Росс Кинг - Домино
Всей тяжестью навалившись на здание (оно и само, как будто, клонилось набок от усталости), я открываю глаза и спрашиваю себя: «Это оно? Здесь все и происходило? Те самые ступени, та самая дверь?
И темные окна у нас над головами? А если это был вот тот дом? Или этот?» Не знаю — не могу сказать. А поскольку путешествие наше на этом кончилось (я не могу двинуться ни вперед, ни назад), не исключено, что я так и останусь в неведении. Я приходил сюда впоследствии — и тоже путался, — разыскивая мадам Шапюи, но к тому времени она уже успела умереть в камере Ньюгейтской тюрьмы, куда ее заключили за содержание низкопробного дома терпимости.
— Свидетелей почти не было, — продолжал я. — Само преступление — мое преступление — наблюдал один лишь Тристане Он же, решив, вероятно, что его дитя убито, или, скорее, увидев три маски, из которых одна склонилась над булыжной мостовой, другая была зарезана, а третья исчезла, сошел с ума. Если, конечно, это не произошло с ним раньше, много лет назад. Вскоре он умер, не дожив до суда. — — Но Элинора могла бы, наверно…
Я слабо отмахиваюсь.
— Больше я ее никогда не видел. То есть нет, — я трясу головой, — нет, нет, это не совсем верно. Ее лицо то и дело попадалось мне в витринах: в виде богинь или мифологических цариц на офортах с картин сэра Эндимиона Старкера. Может быть, вы видели картину «Богиня Истины наставляет Музу Истории»? В центре, в белом одеянии — Элинора. Однако она не сказала бы правды. Может, даже радовалась, что особа, ее предавшая, пойдет на виселицу.
Обрезав веревку, первое тело отвезли в Хаунслоу-Хит — болтаться на виселице, второе отправили для учебных надобностей в Анатомическую школу на Грейт-Уиндмилл-стрит.

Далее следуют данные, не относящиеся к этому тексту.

Lemma seq_entropyE (T : topologicalType) (f : nat -> T -> T) (a : nat -> nat) :
  seq_entropy R f a = orbit_entropy (fun i => fiter f (a i)).
Proof. by []. Qed.

Lemma ln_le_natr (x y : R) : x \is a Num.nat -> y \is a Num.nat ->
  x <= y -> ln x <= ln y.
Proof.
move=> /natrP[m ->] /natrP[m' ->]; rewrite ler_nat.
case: m => [|m] mm'; last by rewrite ler_ln ?posrE ?ltr0n ?ler_nat // (leq_trans _ mm').
case: m' mm' => [|m'] _; first by rewrite ln0.
by rewrite (ln0 (lexx 0)) ln_ge0 // ler1n.
Qed.

(* Also true at [x = 0], since [ln 0 = 0]. *)
Lemma ln_exprn (x : R) k : 0 <= x -> ln (x ^+ k) = k%:R * ln x.
Proof.
rewrite le_eqVlt => /predU1P[<-|x_gt0]; last by rewrite lnXn // mulr_natl.
by case: k => [|k]; rewrite ?expr0 ?ln1 ?mul0r // expr0n /= ln0 // mulr0.
Qed.

Lemma ln_le_exprn_natr (x y : R) k : x \is a Num.nat -> y \is a Num.nat ->
  x <= y ^+ k -> ln x <= k%:R * ln y.
Proof.
move=> x_nat y_nat xy; rewrite -ln_exprn ?natr_ge0 //.
by apply: ln_le_natr xy; rewrite ?rpredX.
Qed.

Lemma ln_exprn_natr_le (x y : R) k : x \is a Num.nat -> y \is a Num.nat ->
  y ^+ k <= x -> k%:R * ln y <= ln x.
Proof.
move=> x_nat y_nat yx; rewrite -ln_exprn ?natr_ge0 //.
by apply: ln_le_natr yx; rewrite ?rpredX.
Qed.

Lemma limn_esup_le_scale (u v : nat -> \bar R) (r : R) : 0 < r ->
  (forall n, (u n <= r%:E * v n)%E) -> (limn_esup u <= r%:E * limn_esup v)%E.
Proof.
move=> r_gt0 uv; rewrite /limn_esup !limf_esupE -ereal_inf_pZl //.
apply: le_ereal_inf_tmp => _ [_ [V FV <-] <-].
apply: le_trans (ereal_inf_lbound _) _; first by exists V.
rewrite -ereal_sup_pZl //; apply: ge_ereal_sup => _ [n Vn <-].
by apply: le_trans (uv n) _; apply: ereal_sup_ubound; exists (v n).
Qed.

Lemma orbit_entropy_le_scale (T1 T2 : topologicalType)
    (g1 : nat -> T1 -> T1) (g2 : nat -> T2 -> T2) (r : R) : 0 < r ->
  (forall W, open_cover W -> exists2 C, open_cover C & forall n,
     ln (cover_num R (orbit_join g1 n W)) <= r * ln (cover_num R (orbit_join g2 n C))) ->
  (orbit_entropy g1 <= r%:E * orbit_entropy g2)%E.
Proof.
move=> r_gt0 WC; apply: ge_ereal_sup => _ [W oW <-]; have [C oC WCn] := WC W oW.
apply: le_trans (lee_wpmul2l _ (ereal_sup_ubound _)); last by exists C.
  apply: limn_esup_le_scale => // n; rewrite -EFinM lee_fin mulrA.
  by apply: ler_wpM2r (WCn n); rewrite invr_ge0.
by rewrite lee_fin ltW.
Qed.

Lemma orbit_entropy_rV (X : pseudoMetricType R) (g : nat -> X -> X) k :
  compact [set: X] -> (0 < k)%N ->
  orbit_entropy (fun i => @map_mx X X (g i) 1 k) = (k%:R%:E * orbit_entropy g)%E.
Proof.
move=> cX k_gt0; have cM := compact_rV k_gt0 cX.
have k_gt0' : 0 < k%:R :> R by rewrite ltr0n.
apply/le_anti/andP; split.
  apply: orbit_entropy_le_scale => // W oW.
  have [C oC WC] := cover_num_orbit_join_rV_le g cX k_gt0 oW; exists C => // n.
  apply: ln_le_exprn_natr (WC n).
    exact: (cover_num_orbit_join_natr cM).
  exact: (cover_num_orbit_join_natr cX).
rewrite -lee_pdivlMl //; apply: orbit_entropy_le_scale; first by rewrite invr_gt0.
move=> C oC; have [B oB CB] := cover_num_orbit_join_rV_ge g cX k_gt0 oC.
exists B => // n; rewrite ler_pdivlMl //; apply: ln_exprn_natr_le (CB n).
  exact: (cover_num_orbit_join_natr cM).
exact: (cover_num_orbit_join_natr cX).
Qed.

В этом заведении, где тело освобождают от одежд, чтобы нагим положить под скальпель, открываются иной раз секреты, тщательно таимые при жизни; навостривший нож хирург порой обнаруживает, что образчик, который он вознамерился продемонстрировать ученикам, преподносит ему сюрприз; что внутри одеяния, как в куколке, свершилась удивительная метаморфоза…
— Но эта леди Боклер!.. — Юноша мотает головой, хотя и с меньшей энергией. — Но как — почему?

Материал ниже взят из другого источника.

(* Let $w \in \mathfrak{S}_n$ be a prism and let $i \in \textsf{supp}(w)$ be unconfined in the reduced words of $w$, with $|\{i-1,i+1\} \cap \textsf{supp}(w)| \le 1$. If $i+1 \notin \textsf{supp}(w)$, then $w$ contains the calibrated mesh pattern $(21, \{(0,1),(1,1),(2,1)\})$ with calibration $x_2 = i+1$, $y_2 = i+1$, or the calibrated mesh pattern $(21, \{(1,0),(1,1),(1,2)\})$ with calibration $x_2 = i+1$, $y_2 = i+1$. If $i-1 \notin \textsf{supp}(w)$, then $w$ contains the calibrated mesh pattern $(21, \{(0,1),(1,1),(2,1)\})$ with calibration $x_1 = i$, $y_1 = i$, or the calibrated mesh pattern $(21, \{(1,0),(1,1),(1,2)\})$ with calibration $x_1 = i$, $y_1 = i$.
   Context: Reduced words, support, Bruhat order: $\sigma_i$ swaps $i,i+1$; a reduced word of $w$ is a minimal-length word $i_1\cdots i_\ell$ with $w=\sigma_{i_1}\cdots\sigma_{i_\ell}$; $\textsf{supp}(w)$ is the set of letters in any reduced word; $u\preceq w$ iff a reduced word of $u$ is a subword of one of $w$; $B(w)=\{u:u\preceq w\}$; $w$ is a prism if $B(w)\cong\mathbf{2}\times X$ for some poset $X$ ($\mathbf{2}$ the two-element chain). A letter $i$ appearing exactly once in a reduced word $s$ is unconfined in $s$ if that occurrence is neither between two $i+1$'s nor between two $i-1$'s; this then holds in all reduced words of $w$. Calibrated mesh patterns: let $p \in \mathfrak{S}_k$ and $M \subseteq \{0,\dots,k\}^2$ (cell $(a,b)$ is the unit square with lower-left corner $(a,b)$ in the grid $[0,k+1]^2$ containing the graph $\{(j,p(j))\}$ of $p$). An occurrence of $p$ in $w \in \mathfrak{S}_n$ is a choice of positions $x_1<\cdots<x_k$ such that $w(x_1)\cdots w(x_k)$ is in the same relative order as $p(1)\cdots p(k)$; let $y_1<\cdots<y_k$ be the values $\{w(x_1),\dots,w(x_k)\}$ in increasing order, and set $x_0=y_0=0$, $x_{k+1}=y_{k+1}=n+1$. Such an occurrence is an occurrence of the mesh pattern $(p,M)$ if for every $(a,b)\in M$ there is no $x$ with $x_a < x < x_{a+1}$ and $y_b < w(x) < y_{b+1}$. A calibrated mesh pattern additionally prescribes values for some of the $x_a$ and $y_b$; $w$ contains it if $w$ has an occurrence of $(p,M)$ meeting those prescriptions. Here $21\in\mathfrak{S}_2$ is the permutation $2\,1$. *)

From HB Require Import structures.
From mathcomp Require Import all_boot all_order all_fingroup.
Set Implicit Arguments. Unset Strict Implicit. Unset Printing Implicit Defensive.
Import Order.TTheory.

(* Permutations of {1,...,n} are represented by w : {perm 'I_n}, where the
   value i+1 corresponds to the ordinal i.  [pv w x] is w(x) for 1 <= x <= n
   (and 0 outside that range). *)
Definition pv (n : nat) (w : {perm 'I_n}) (x : nat) : nat :=
  if 0 < x then oapp (fun j : 'I_n => (w j).+1) 0 (insub x.-1) else 0.

(* The simple transposition sigma_i, swapping the values i and i+1
   (1 <= i <= n-1); identity for out-of-range letters (never used since
   words are required to have valid letters). *)
Definition sgen (n : nat) (i : nat) : {perm 'I_n} :=
  match insub i.-1, insub i with
  | Some a, Some b => tperm a b
  | _, _ => 1%g
  end.

Definition valid_word (n : nat) (s : seq nat) : bool :=
  all (fun i => (0 < i) && (i < n)) s.

Definition word_prod (n : nat) (s : seq nat) : {perm 'I_n} :=
  (\prod_(i <- s) sgen n i)%g.

Definition is_word (n : nat) (w : {perm 'I_n}) (s : seq nat) : Prop :=
  valid_word n s /\ word_prod n s = w.

Definition reduced (n : nat) (w : {perm 'I_n}) (s : seq nat) : Prop :=
  is_word w s /\ forall t, is_word w t -> size s <= size t.

(* support: letters occurring in (some, equivalently every) reduced word *)
Definition supp (n : nat) (w : {perm 'I_n}) (i : nat) : Prop :=
  exists s, reduced w s /\ i \in s.

Definition bruhat (n : nat) (u w : {perm 'I_n}) : Prop :=
  exists su sw, [/\ reduced u su, reduced w sw & subseq su sw].

(* w is a prism: B(w) = {u | u <= w} is isomorphic, as a poset, to 2 x X
   for some poset X (2 = the chain false < true, product order). *)
Definition prism (n : nat) (w : {perm 'I_n}) : Prop :=
  exists (d : Order.disp_t) (X : porderType d)
         (f : {u : {perm 'I_n} | bruhat u w} -> bool * X),
    bijective f /\
    forall u v, bruhat (sval u) (sval v) <->
      (((f u).1 ==> (f v).1) && ((f u).2 <= (f v).2)%O).

Definition unconfined (s : seq nat) (i : nat) : bool :=
  let k := index i s in
  [&& count_mem i s == 1,
      ~~ ((i.+1 \in take k s) && (i.+1 \in drop k.+1 s)) &
      ~~ ((i.-1 \in take k s) && (i.-1 \in drop k.+1 s))].

(* Mesh patterns.  p : one-line notation of a pattern in S_k (values 1..k),
   M : set of cells (a,b), xs : chosen positions x_1 < ... < x_k.
   [xext xs a] is x_a with x_0 = 0, x_{k+1} = n+1; [yext w xs b] is y_b
   (b-th smallest value of the occurrence), with y_0 = 0, y_{k+1} = n+1. *)
Definition xext (n : nat) (xs : seq nat) (a : nat) : nat :=
  nth n.+1 (0 :: xs) a.

Definition yext (n : nat) (w : {perm 'I_n}) (xs : seq nat) (b : nat) : nat :=
  nth n.+1 (0 :: sort leq (map (pv w) xs)) b.

Definition mesh_occurrence (n : nat) (w : {perm 'I_n}) (p : seq nat)
    (M : seq (nat * nat)) (xs : seq nat) : Prop :=
  [/\ size xs = size p, sorted ltn xs, all (fun x => (0 < x) && (x <= n)) xs,
      (forall a b, a < size p -> b < size p ->
         (nth 0 p a < nth 0 p b) = (pv w (nth 0 xs a) < pv w (nth 0 xs b))) &
      (forall c, c \in M -> forall x,
         ~ ((xext n xs c.1 < x < xext n xs c.1.+1) /\
            (yext w xs c.2 < pv w x < yext w xs c.2.+1)))].

(* w contains the calibrated mesh pattern (p, M) with prescriptions
   x_a = v for (a,v) in cx and y_b = v for (b,v) in cy. *)
Definition contains_cmesh (n : nat) (w : {perm 'I_n}) (p : seq nat)
    (M : seq (nat * nat)) (cx cy : seq (nat * nat)) : Prop :=
  exists xs, [/\ mesh_occurrence w p M xs,
    (forall c, c \in cx -> xext n xs c.1 = c.2) &
    (forall c, c \in cy -> yext w xs c.1 = c.2)].

Definition mesh_row : seq (nat * nat) := [:: (0, 1); (1, 1); (2, 1)].
Definition mesh_col : seq (nat * nat) := [:: (1, 0); (1, 1); (1, 2)].

From mathcomp Require Import all_boot all_order all_fingroup zify.
Set Implicit Arguments. Unset Strict Implicit. Unset Printing Implicit Defensive.

(* Say that w is prefix-stable at j when it maps {1, ..., j} into itself.  Peeling
   adjacent descents off w gives a reduced word of length inv(w) whose letters are
   exactly the j at which w is not prefix-stable; so j is outside supp(w) iff w is
   prefix-stable at j.

   Suppose i+1 is outside the support, so w is prefix-stable at i+1, and let w(b) = i+1.
   Unconfinedness forces w not to be prefix-stable at i, whence b <= i.  If b < i and
   w(i+1) <> i, then w = s_b s_(b+1) ... s_i Q with lengths adding up, where Q(i) = w(i+1)
   < i makes Q non-prefix-stable at i-1; appending a reduced word of Q to s_b ... s_i
   yields a reduced word of w with i between two letters i-1, a contradiction.  Hence
   w(i+1) = i or w(i) = i+1, and the corresponding 21-occurrence has an empty shaded
   row or column because its two values or two positions are adjacent.  The case of
   i-1 is the mirror image. *)

Section Values.
Variable n : nat.
Implicit Types (P : {perm 'I_n}) (j x y : nat) (s t : seq nat).

Lemma pvE P (x : 'I_n) : pv P x.+1 = (P x).+1.
Proof. by rewrite /pv /= valK. Qed.

Lemma pv_out P x : ~~ (0 < x <= n) -> pv P x = 0.
Proof. by case: x => [|x] //= out; rewrite /pv /= insubF //; lia. Qed.

Lemma ord_of_pos x : 0 < x <= n -> {y : 'I_n | x = y.+1}.
Proof. by move=> x_range; have y_lt : x.-1 < n; [lia | exists (Ordinal y_lt) => /=; lia]. Qed.

Lemma pv_gt0 P x : (0 < pv P x) = (0 < x <= n).
Proof.
have [/ord_of_pos [y ->] | x_out] := boolP (0 < x <= n); first by rewrite pvE.
by rewrite pv_out.
Qed.

Lemma pv_inj P x y : 0 < pv P x -> pv P x = pv P y -> x = y.
Proof.
move=> Px_gt0 Pxy.
have x_range : 0 < x <= n by rewrite -(pv_gt0 P).
have y_range : 0 < y <= n by rewrite -(pv_gt0 P) -Pxy.
case/ord_of_pos: x_range Pxy => a ->; case/ord_of_pos: y_range => b ->.
by rewrite !pvE => -[/val_inj/perm_inj ->].
Qed.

— На первый вопрос смогу ответить, на второй — никогда. — Я подаюсь вперед — и мой багровый, испещренный прожилками нос едва не касается его лица. — Она созналась в убийстве.
Юношу охватывает растерянность, он потрясен и не в силах это скрыть; слышится и мое хриплое сопение, и его участившееся дыхание. Что, я выглядел так же — зеркальным отражением проступившего на его лице недоверия, когда в тюрьме Джеремая произнес передо мной эти самые слова?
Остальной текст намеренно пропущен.